Tyler J. VanderWeele is the John L. Loeb and Frances Lehman Loeb Professor of Epidemiology in the Departments of Epidemiology and Biostatistics at the Harvard T.H. Chan School of Public Health. He is also the co-director of Harvard University's Initiative on Health, Religion and Spirituality, the director of their Human Flourishing Program, and a faculty affiliate of the Harvard Institute for Quantitative Social Science. His research has focused on the application of causal inference to epidemiology, as well as on the relationship between religion and health. He was elected a Fellow of the American Statistical Association in 2014, and received the Mortimer Spiegelman Award from the American Public Health Association in the same year.

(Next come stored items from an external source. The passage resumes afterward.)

Lemma busy_run p c (n : 'I_max_word.+1) stk r : config_inv p (inl (c, n)) stk ->
  exists i b stk', dsteps (M := machine) (inl (c, n), r, stk) (inr (i, b), r, stk') /\
                   config_inv p (inr (i, b)) stk'.
Proof.
move kE: (size (word c) - n) => k; elim: k n stk kE => [|k IH] n stk kE inv_c;
  have [st [stkE _ _]] := config_inv_stack inv_c; rewrite {}stkE in inv_c *.
- have word_c : drop n (word c) = [::] by apply/eqP; rewrite -size_eq0 size_drop kE.
  set Z := (ohead st, reach st); set g := behead _.
  have c_step : dstep (M := machine) (inl (c, n), r, Z :: g)
      (inr (next c, accept (next c) \in Z.2), r, [:: Z] ++ g).
    by apply: dstep_eps; rewrite /= word_c.
  exists (next c), (accept (next c) \in Z.2), ([:: Z] ++ g); split.
    exact: dsteps_step c_step (dsteps_refl _).
  exact: dstep_eps_inv c_step inv_c.
- case word_c: (drop n (word c)) => [|a rest]; first by move: kE; rewrite -size_drop word_c.
  set Z := (ohead st, reach st); set g := behead _.
  have c_step : dstep (M := machine) (inl (c, n), r, Z :: g)
      (inl (c, inord n.+1), r, push_symbol a Z ++ g).
    by apply: dstep_eps; rewrite /= word_c.
  have n_lt : n < size (word c) by rewrite -subn_gt0 kE.
  have kE' : size (word c) - @inord max_word n.+1 = k.
    by rewrite inordK ?subnS ?kE // ltnS (leq_trans n_lt (size_word c)).
  have [i [b [stk' [run inv']]]] := IH _ _ kE' (dstep_eps_inv c_step inv_c).
  by exists i, b, stk'; split=> //; apply: dsteps_step c_step run.
Qed.

Lemma idle_run r p i b stk : config_inv p (inr (i, b)) stk ->
  exists i' b' stk', dsteps (M := machine) (inr (i, b), r, stk) (inr (i', b'), [::], stk') /\
                     config_inv (p ++ r) (inr (i', b')) stk'.
Proof.
elim: r p i b stk => [|x r IH] p i b stk inv_i.
  by exists i, b, stk; rewrite cats0; split=> //; apply: dsteps_refl.
have [st [stkE _ _]] := config_inv_stack inv_i; rewrite {}stkE in inv_i *.
set Z := (ohead st, reach st); set g := behead _.
have x_step : dstep (M := machine) (inr (i, b), x :: r, Z :: g)
    (inl (Some (i, x), ord0), r, [:: Z] ++ g) by apply: dstep_read.
have [[/(congr1 size) /n_Sn //]|[_ [<-] inv_x]] := dstep_inv x_step inv_i.
have [i1 [b1 [stk1 [run1 inv1]]]] := busy_run r inv_x.
have [i2 [b2 [stk2 [run2 inv2]]]] := IH _ _ _ _ inv1.
exists i2, b2, stk2; rewrite -cat_rcons; split=> //.
by apply: dsteps_step x_step (dsteps_trans run1 run2).
Qed.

In 2017, he received the COPSS Presidents' Award from the Committee of Presidents of Statistical Societies.

Research 
VanderWeele conducts research focused on theory and methods for distinguishing between association and causation in the biomedical and social sciences. His contributions to causal inference include introducing the E-value as a quantitative measure for sensitivity analysis and advances in mediation analysis.

Advocacy 
On April 2, 2015, VanderWeele was one of 47 scholars who filed an amicus brief in support of respondents and affirmance in the case of Obergefell v. Hodges, 576 U.S. 644 (2015). The amici curiae argued that there is no Constitutional right to same-sex marriage.

References

External links

Faculty page

Living people
Harvard School of Public Health faculty
American epidemiologists
Alumni of St John's College, Oxford
Wharton School of the University of Pennsylvania alumni
Harvard School of Public Health alumni
Fellows of the American Statistical Association
American statisticians
Year of birth missing (living people)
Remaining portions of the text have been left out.